By default, we think of the space as flat – but in fact it could have hills and canyons, so that the distance between two points in the landscape not only depends on their x- and y-positions but also on the ascents and descents, up and down in z-direction, that lie in between. You can specify such a landscape to propagate through its x argument.
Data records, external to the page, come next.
Lemma balanced_elim (S : {set E}) q v z : z \in S -> balanced S q v ->
  balanced (S :\ z) (elim_rates S q z) v.
Proof.
move=> Hz Hb xi Hxi; move: (Hxi); rewrite in_setD1 => /andP[Nxz HxS].
have Nzx : z != xi by rewrite eq_sym.
have Bx := Hb xi HxS; rewrite !(sum_in_neq_split _ Hz Nzx) in Bx.
have Bz : \big[Rplus/0]_(eta in S | eta != z) (v eta * q eta z) = v z * exit_rate S q z.
  exact: Hb.
rewrite (sum_in_neq_split _ HxS Nxz) sum_setD1_neqC in Bz.
have Et : exit_rate S q z = q z xi + \big[Rplus/0]_(w in S :\ z | w != xi) q z w.
  by rewrite /exit_rate (sum_in_neq_split _ HxS Nxz) sum_setD1_neqC.
rewrite /elim_rates.
under eq_bigr => eta _ do rewrite Rmult_plus_distr_l -!Rmult_assoc.
rewrite big_split -!big_distrl big_split -big_distrl -big_distrr /=.
move: Bx Bz Et.
set A1 := \big[Rplus/0]_(i in S :\ z | i != xi) (v i * q i xi).
set A2 := \big[Rplus/0]_(i in S :\ z | i != xi) (v i * q i z).
set O := \big[Rplus/0]_(i in S :\ z | i != xi) q xi i.
set T := \big[Rplus/0]_(i in S :\ z | i != xi) q z i.
set t := exit_rate S q z.
clearbody A1 A2 O T t => Bx Bz Et.
(* The balance equations at xi and at z determine A1 and A2. *)
have -> : A1 = v xi * (q xi z + O) - v z * q z xi by lra.
have -> : A2 = v z * t - v xi * q xi z by lra.
by rewrite Et; ring.
Qed.

Lemma extend_weights_proportional (S : {set E}) q z (v p : E -> R) :
  z \in S -> balanced S q v ->
  (forall x y, x \in S :\ z -> y \in S :\ z -> v x * p y = v y * p x) ->
  forall x y, x \in S -> y \in S ->
  v x * extend_weights S q z p y = v y * extend_weights S q z p x.
Proof.
move=> Hz Hb Hp.
have Hzy y : y \in S :\ z -> v z * extend_weights S q z p y = v y * extend_weights S q z p z.
  move=> Hy; rewrite /extend_weights eqxx ifN; last by move: Hy; rewrite in_setD1 => /andP[].
  transitivity (p y * (v z * exit_rate S q z)); first ring.
  rewrite (balanced_entry Hz Hb) !big_distrr /=; apply: eq_bigr => eta Heta.
  by transitivity ((v eta * p y) * q eta z); [ring | rewrite Hp //; ring].
move=> x y Hx Hy.
case: (eqVneq x z) => [-> | Nxz]; case: (eqVneq y z) => [-> | Nyz] //.
- by apply: Hzy; rewrite in_setD1 Nyz.
- by symmetry; apply: Hzy; rewrite in_setD1 Nxz.
rewrite /extend_weights (negbTE Nxz) (negbTE Nyz).
transitivity ((v x * p y) * exit_rate S q z); first ring.
by rewrite Hp ?in_setD1 ?Nxz ?Nyz //; ring.
Qed.
(* Let $C_0>0$ and $\mathcal{U}_0=e^{C_0}/(1+e^{C_0})^2$. For $m\in\mathcal{M}$, let $$\hat f_m=\arg\min_{t\in \mathcal{S}_m\cap \mathbb{L}_\infty(C_0)}\gamma_n(t),\qquad f_m=\arg\min_{t\in \mathcal{S}_m\cap \mathbb{L}_\infty(C_0)}\gamma(t).$$ Then $$\mathbb{E}_{f_0}\big[\mathcal{K}(\mathbb{P}_{f_0}^{(n)},\mathbb{P}_{\hat f_m}^{(n)})\big]\le \mathcal{K}(\mathbb{P}_{f_0}^{(n)},\mathbb{P}_{f_m}^{(n)})+\frac{D_m}{2n\,\mathcal{U}_0^2}.$$
   Context: Observations $(Y_1,x_1),\dots,(Y_n,x_n)\in\{0,1\}\times\mathcal{X}$ with deterministic design points $x_i$ and independent $Y_i$ satisfying $\mathbb{E}_{f_0}(Y_i)=\pi_{f_0}(x_i)$, where for a function $f:\mathcal{X}\to\mathbb{R}$, $\pi_f(x)=e^{f(x)}/(1+e^{f(x)})$, and $f_0$ is an unknown function. $\mathbb{P}^{(n)}_f$ denotes the law of $(Y_1,\dots,Y_n)$ when $Y_i$ are independent Bernoulli$(\pi_f(x_i))$. The contrast is $\gamma_n(f)=\frac1n\sum_{i=1}^n\{\log(1+e^{f(x_i)})-Y_if(x_i)\}$ and $\gamma(f)=\mathbb{E}_{f_0}[\gamma_n(f)]$. The normalized Kullback–Leibler divergence is $\mathcal{K}(\mathbb{P}_{f_0}^{(n)},\mathbb{P}_{f}^{(n)})=\frac1n\sum_{i=1}^n\big[\pi_{f_0}(x_i)\log\frac{\pi_{f_0}(x_i)}{\pi_f(x_i)}+(1-\pi_{f_0}(x_i))\log\frac{1-\pi_{f_0}(x_i)}{1-\pi_f(x_i)}\big]$ $(=\gamma(f)-\gamma(f_0))$. A dictionary $\{\phi_1,\dots,\phi_M\}$ of functions $\mathcal{X}\to\mathbb{R}$, orthonormal for the empirical inner product $\langle f,g\rangle_n=\frac1n\sum_{i}f(x_i)g(x_i)$, is fixed; $\mathcal{M}$ is the set of subsets $m\subset\{1,\dots,M\}$, $\mathcal{S}_m=\{\sum_{j\in m}\beta_j\phi_j\}$ and $D_m$ is the dimension of $\mathrm{span}\{\phi_j,j\in m\}$. For $C_0>0$, $\mathbb{L}_\infty(C_0)=\{f:\mathcal{X}\to\mathbb{R}:\max_{1\le i\le n}|f(x_i)|\le C_0\}$. *)

From HB Require Import structures.
From mathcomp Require Import all_boot all_order all_algebra.
From mathcomp Require Import reals.
From mathcomp Require Import sequences exp.
Set Implicit Arguments. Unset Strict Implicit. Unset Printing Implicit Defensive.
Import Order.TTheory GRing.Theory Num.Theory.
Local Open Scope ring_scope.

Section Logistic.
Variables (R : realType) (X : Type) (n M : nat) (x : 'I_n -> X).

Definition pif (f : X -> R) (z : X) : R := expR (f z) / (1 + expR (f z)).

Definition obs := {ffun 'I_n -> bool}.

Definition gamma_n (Y : obs) (f : X -> R) : R :=
  n%:R^-1 * \sum_(i < n) (ln (1 + expR (f (x i))) - (Y i)%:R * f (x i)).

Definition probY (f0 : X -> R) (Y : obs) : R :=
  \prod_(i < n) (if Y i then pif f0 (x i) else 1 - pif f0 (x i)).

Definition Ef0 (f0 : X -> R) (g : obs -> R) : R :=
  \sum_(Y : obs) probY f0 Y * g Y.

Definition gamma (f0 : X -> R) (f : X -> R) : R := Ef0 f0 (fun Y => gamma_n Y f).

Definition KL (f0 f : X -> R) : R :=
  n%:R^-1 * \sum_(i < n)
    (pif f0 (x i) * ln (pif f0 (x i) / pif f (x i))
     + (1 - pif f0 (x i)) * ln ((1 - pif f0 (x i)) / (1 - pif f (x i)))).

Definition inner_n (f g : X -> R) : R := n%:R^-1 * \sum_(i < n) f (x i) * g (x i).

Definition orthonormal_dict (phi : 'I_M -> X -> R) : Prop :=
  forall j k, inner_n (phi j) (phi k) = (j == k)%:R.

Definition in_Sm (phi : 'I_M -> X -> R) (m : {set 'I_M}) (f : X -> R) : Prop :=
  exists beta : 'I_M -> R, f = (fun z => \sum_(j in m) beta j * phi j z).

Definition in_Linf (C0 : R) (f : X -> R) : Prop := forall i : 'I_n, `|f (x i)| <= C0.

(* D_m = dimension of span{phi_j, j in m} (as functions evaluated on the design) *)
Definition Dm (phi : 'I_M -> X -> R) (m : {set 'I_M}) : nat :=
  \rank (\matrix_(j < M, i < n) (if j \in m then phi j (x i) else 0)).

End Logistic.

(* Write [gamma = risk] and [gamma_n = risk - noise], where the noise
   [nu(f) = n^-1 sum_i (Y_i - pi_f0(x_i)) f(x_i)] is linear and centered.  On
   [[-C0, C0]] the function [softplus t = ln (1 + e^t)] is strongly convex with
   modulus [U0], so by orthonormality the risk of [sum_j beta_j phi_j] is
   [U0/8]-strongly midpoint convex in the coefficients.  With [c] the coefficient
   difference of [fhat] and [fm] and [D = risk fhat - risk fm], minimality of [fm]
   (tested at the midpoint) gives [U0 |c|^2 / 8 <= D], and minimality of [fhat]
   gives [D <= nu(fhat - fm) = <c, nu(phi)>]; hence [U0 D <= 8 sum_j nu(phi_j)^2].
   Each [nu(phi_j)] has variance at most [1/(4n)], [|m| <= D_m], and
   [4 U0 <= 1] turns the resulting [2 D_m / (n U0)] into [D_m / (2 n U0^2)]. *)

From HB Require Import structures.
From mathcomp Require Import all_boot all_order all_algebra.
From mathcomp Require Import reals.
From mathcomp Require Import sequences exp.
From mathcomp Require Import ring lra.
Import Order.TTheory GRing.Theory Num.Theory.
Local Open Scope ring_scope.
Set Implicit Arguments. Unset Strict Implicit.

Section Softplus.
Variable R : realType.
Implicit Types a b c d C : R.

Definition softplus c : R := ln (1 + expR c).

(* the second derivative of [softplus] at [c]; [U_0] is its value at [C_0] *)
Definition logistic_curv c : R := expR c / (1 + expR c) ^+ 2.

Lemma logistic_curv_gt0 c : 0 < logistic_curv c.
Proof. by rewrite divr_gt0 ?expR_gt0 // exprn_gt0 // addr_gt0 ?expR_gt0. Qed.

Lemma logistic_curv_le_quarter c : 4 * logistic_curv c <= 1.
Proof.
have := expR_gt0 c; have := sqr_ge0 (expR c - 1).
rewrite /logistic_curv mulrA ler_pdivrMr ?exprn_gt0 ?addr_gt0 ?expR_gt0 //; nra.
Qed.

Lemma logistic_curv_ge C c : `|c| <= C -> logistic_curv C <= logistic_curv c.
Proof.
rewrite ler_norml => /andP[Nc_le c_le].
have eC_gt0 := expR_gt0 C; have ec_gt0 := expR_gt0 c.
have ec_le : expR c <= expR C by rewrite ler_expR.
have ecC_ge1 : 1 <= expR c * expR C by rewrite -expRD -expR0 ler_expR; lra.
rewrite /logistic_curv ler_pdivrMr ?exprn_gt0 ?addr_gt0 //.
rewrite mulrAC ler_pdivlMr ?exprn_gt0 ?addr_gt0 //; nra.
Qed.

Lemma sqr_expRBexpRN_ge d : 2 * d ^+ 2 <= (expR d - expR (- d)) ^+ 2.
Proof.
wlog d_ge0 : d / 0 <= d.
  move=> H; case: (lerP 0 d) => [/H //|d_lt0].
  have /H : 0 <= - d by lra.
  by rewrite opprK sqrrN -[X in _ <= X -> _]sqrrN opprB.
set E := expR d; set F := expR (- d).
have EF : E * F = 1 by rewrite /E /F expRxMexpNx_1.
have E_gt0 : 0 < E by exact: expR_gt0.
have F_gt0 : 0 < F by exact: expR_gt0.
(* [expR d >= (1 + d/2)^2 =: s] gives [E - 1/E >= s - 1/s >= 3d/2]. *)
have half_ge : 1 + d / 2 <= expR (d / 2) by exact: expR_ge1Dx.
have E_ge : (1 + d / 2) ^+ 2 <= E.
  by rewrite /E [d in expR d]splitr expRD expr2 ler_pM //; lra.
set s := (1 + d / 2) ^+ 2 in E_ge.
have s_ge : 1 + d <= s by rewrite /s; nra.
have EBF_ge : 3 / 2 * d <= E - F.
  have h1 : 0 <= (E - s) * (E + s - 3 / 2 * d) by apply: mulr_ge0; lra.
  have h2 : 0 <= s ^+ 2 - 3 / 2 * d * s - 1 by rewrite /s; nra.
  have : 0 <= E * (E - F - 3 / 2 * d) by nra.
  by rewrite pmulr_rge0 //; lra.
nra.
Qed.

Lemma softplus_midpoint_gap a b :
  (expR (a / 2) - expR (b / 2)) ^+ 2 / ((1 + expR a) * (1 + expR b))
    <= softplus a + softplus b - 2 * softplus ((a + b) / 2).
Proof.
set u := expR (a / 2); set v := expR (b / 2).
have u_gt0 : 0 < u by exact: expR_gt0.
have v_gt0 : 0 < v by exact: expR_gt0.
have ea : expR a = u ^+ 2 by rewrite expr2 -expRD -splitr.
have eb : expR b = v ^+ 2 by rewrite expr2 -expRD -splitr.
have eab : expR ((a + b) / 2) = u * v by rewrite -expRD mulrDl.
rewrite /softplus ea eb eab.
set P := (1 + u ^+ 2) * (1 + v ^+ 2); set Q := (1 + u * v) ^+ 2.
have pu : 0 < 1 + u ^+ 2 by rewrite addr_gt0 // exprn_gt0.
have pv : 0 < 1 + v ^+ 2 by rewrite addr_gt0 // exprn_gt0.
have puv : 0 < 1 + u * v by rewrite addr_gt0 // mulr_gt0.
have P_gt0 : 0 < P by rewrite mulr_gt0.
have Q_gt0 : 0 < Q by rewrite exprn_gt0.
have -> : ln (1 + u ^+ 2) + ln (1 + v ^+ 2) - 2 * ln (1 + u * v) = - ln (Q / P).
  by rewrite ln_div ?posrE // lnM ?posrE // /P lnM ?posrE //; lra.
have -> : (u - v) ^+ 2 / P = 1 - Q / P.
  by rewrite /P /Q; field; rewrite !lt0r_neq0.
have : ln (Q / P) <= Q / P - 1.
  by rewrite -[in ln _](subrKC 1 (Q / P)) le_ln1Dx // ltrBrDl subrr divr_gt0.
lra.
Qed.

Lemma expR_mid_sqrB_le a b :
  expR ((a + b) / 2) * (a - b) ^+ 2 / 8 <= (expR (a / 2) - expR (b / 2)) ^+ 2.
Proof.
set d := (a - b) / 4; set w := expR ((a + b) / 4).
have -> : expR ((a + b) / 2) = w ^+ 2 by rewrite /w expr2 -expRD; congr expR; lra.
have -> : expR (a / 2) = w * expR d by rewrite /w /d -expRD; congr expR; lra.
have -> : expR (b / 2) = w * expR (- d) by rewrite /w /d -expRD; congr expR; lra.
have -> : w ^+ 2 * (a - b) ^+ 2 / 8 = w ^+ 2 * (2 * d ^+ 2) by rewrite /d; field.
rewrite -mulrBr [leRHS]exprMn ler_wpM2l ?sqr_ge0 //.
exact: sqr_expRBexpRN_ge.
Qed.

Lemma logistic_curv_le_mid C a b : `|a| <= C -> `|b| <= C ->
  logistic_curv C <= expR ((a + b) / 2) / ((1 + expR a) * (1 + expR b)).
Proof.
move=> /logistic_curv_ge curv_a /logistic_curv_ge curv_b.
have pa : 0 < 1 + expR a by rewrite addr_gt0 ?expR_gt0.
have pb : 0 < 1 + expR b by rewrite addr_gt0 ?expR_gt0.
have mid_ge0 : 0 <= expR ((a + b) / 2) / ((1 + expR a) * (1 + expR b)).
  by rewrite divr_ge0 ?expR_ge0 // mulr_ge0 // ltW.
rewrite -ler_sqr ?nnegrE ?(ltW (logistic_curv_gt0 C)) //.
have -> : (expR ((a + b) / 2) / ((1 + expR a) * (1 + expR b))) ^+ 2
    = logistic_curv a * logistic_curv b.
  have e2 : expR ((a + b) / 2) ^+ 2 = expR a * expR b.
    by rewrite expr2 -expRD -splitr expRD.
  by rewrite /logistic_curv expr_div_n e2; field; rewrite !lt0r_neq0.
by rewrite expr2 ler_pM // ltW // logistic_curv_gt0.
Qed.

Lemma softplus_midpoint_strong C a b : `|a| <= C -> `|b| <= C ->
  logistic_curv C * (a - b) ^+ 2 / 8
    <= softplus a + softplus b - 2 * softplus ((a + b) / 2).
Proof.
move=> a_le b_le; apply: le_trans (softplus_midpoint_gap a b).
have P_gt0 : 0 < (1 + expR a) * (1 + expR b) by rewrite mulr_gt0 ?addr_gt0 ?expR_gt0.
apply: le_trans (_ : expR ((a + b) / 2) / ((1 + expR a) * (1 + expR b))
                       * ((a - b) ^+ 2 / 8) <= _).
  by rewrite -mulrA ler_wpM2r ?divr_ge0 ?sqr_ge0 ?logistic_curv_le_mid.
by rewrite mulrAC mulrA ler_wpM2r ?invr_ge0 ?(ltW P_gt0) ?expR_mid_sqrB_le.
Qed.

End Softplus.

Lemma pif_gt0 (R : realType) (X : Type) (f : X -> R) z : 0 < pif f z.
Proof. by rewrite divr_gt0 ?expR_gt0 // addr_gt0 ?expR_gt0. Qed.

Lemma pif_lt1 (R : realType) (X : Type) (f : X -> R) z : pif f z < 1.
Proof. by rewrite ltr_pdivrMr ?addr_gt0 ?expR_gt0 // mul1r ltrDr. Qed.

Section Expectation.
Variables (R : realType) (X : Type) (n : nat) (x : 'I_n -> X) (f0 : X -> R).

Let p i := pif f0 (x i).

Lemma probY_ge0 Y : 0 <= probY x f0 Y.
Proof.
apply: prodr_ge0 => i _; case: (Y i); first exact/ltW/pif_gt0.
by rewrite subr_ge0 ltW // pif_lt1.
Qed.

Lemma eq_Ef0 g h : (forall Y, g Y = h Y) -> Ef0 x f0 g = Ef0 x f0 h.
Proof. by move=> gh; apply: eq_bigr => Y _; rewrite gh. Qed.

Lemma Ef0D g h : Ef0 x f0 (fun Y => g Y + h Y) = Ef0 x f0 g + Ef0 x f0 h.
Proof. by rewrite /Ef0 -big_split; apply: eq_bigr => Y _; rewrite mulrDr. Qed.

Lemma Ef0Z c g : Ef0 x f0 (fun Y => c * g Y) = c * Ef0 x f0 g.
Proof. by rewrite /Ef0 mulr_sumr; apply: eq_bigr => Y _; rewrite mulrCA. Qed.

Lemma Ef0_sum (I : Type) (r : seq I) (P : pred I) (F : I -> obs n -> R) :
  Ef0 x f0 (fun Y => \sum_(k <- r | P k) F k Y) = \sum_(k <- r | P k) Ef0 x f0 (F k).
Proof. by rewrite /Ef0; under eq_bigr do rewrite mulr_sumr; rewrite exchange_big. Qed.

Lemma ler_Ef0 g h : (forall Y, g Y <= h Y) -> Ef0 x f0 g <= Ef0 x f0 h.
Proof. by move=> gh; apply: ler_sum => Y _; rewrite ler_wpM2l ?probY_ge0. Qed.

Lemma Ef0_prod (g : 'I_n -> bool -> R) :
  Ef0 x f0 (fun Y => \prod_i g i (Y i)) = \prod_i (p i * g i true + (1 - p i) * g i false).
Proof.
rewrite /Ef0 /probY.
rewrite (eq_bigr (fun i => \sum_(b : bool) (if b then p i else 1 - p i) * g i b));
  last by move=> i _; rewrite big_bool.
rewrite bigA_distr_bigA; apply: eq_bigr => Y _.
by rewrite -big_split.
Qed.

Lemma Ef0_cst c : Ef0 x f0 (fun=> c) = c.
Proof.
have total : Ef0 x f0 (fun=> 1) = 1.
  rewrite (@eq_Ef0 _ (fun Y => \prod_i (fun _ _ => 1) i (Y i))); last by move=> Y; rewrite big1.
  by rewrite (Ef0_prod (fun _ _ => 1)) big1 // => i _; rewrite !mulr1 subrKC.
by rewrite -[RHS]mulr1 -total -Ef0Z; apply: eq_Ef0 => Y; rewrite mulr1.
Qed.

Lemma Ef0_obs i : Ef0 x f0 (fun Y => (Y i)%:R) = p i.
Proof.
pose g l (b : bool) : R := if l == i then b%:R else 1.
rewrite (@eq_Ef0 _ (fun Y => \prod_l g l (Y l))); last first.
  by move=> Y; rewrite /g -big_mkcond /= big_pred1_eq.
rewrite Ef0_prod (bigD1 i) //= big1 => [|l /negbTE l_neq]; rewrite /g ?eqxx ?l_neq.
  by rewrite mulr0 addr0 !mulr1.
by rewrite !mulr1 subrKC.
Qed.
Mathematically, we can say that instead of the simple default case (a flat rectangle image with an Euclidean metric), we perform the Voronoi segmentation on a Riemann manifold, which can have an arbitrary shape and an arbitrary metric. Let us use the notation \(x\) and \(y\) for the column and row coordinates of the image, and \(z\) for the elevation of the landscape. For two neighboring points, defined by coordinates \((x, y, z)\) and \((x+dx, y+dy, z+dz)\), the distance between them is given by

\[ ds = \sqrt{ \frac{2}{\lambda+1} \left[ \lambda \left( dx^2 + dy^2 \right) + dz^2 \right] }. \] For \(\lambda=1\), this reduces to \(ds = ( dx^2 + dy^2 + dz^2)^{1/2}\). Distances between points further apart are obtained by summing \(ds\) along the shortest path between them. The parameter \(\lambda\ge0\) has been introduced as a convenient control of the relative weighting between sideways movement (along the \(x\) and \(y\) axes) and vertical movement. Intuitively, if you imagine yourself as a hiker in such a landscape, by choosing \(\lambda\) you can specify how much you are prepared to climb up and down to overcome a mountain, versus sideways walking around it.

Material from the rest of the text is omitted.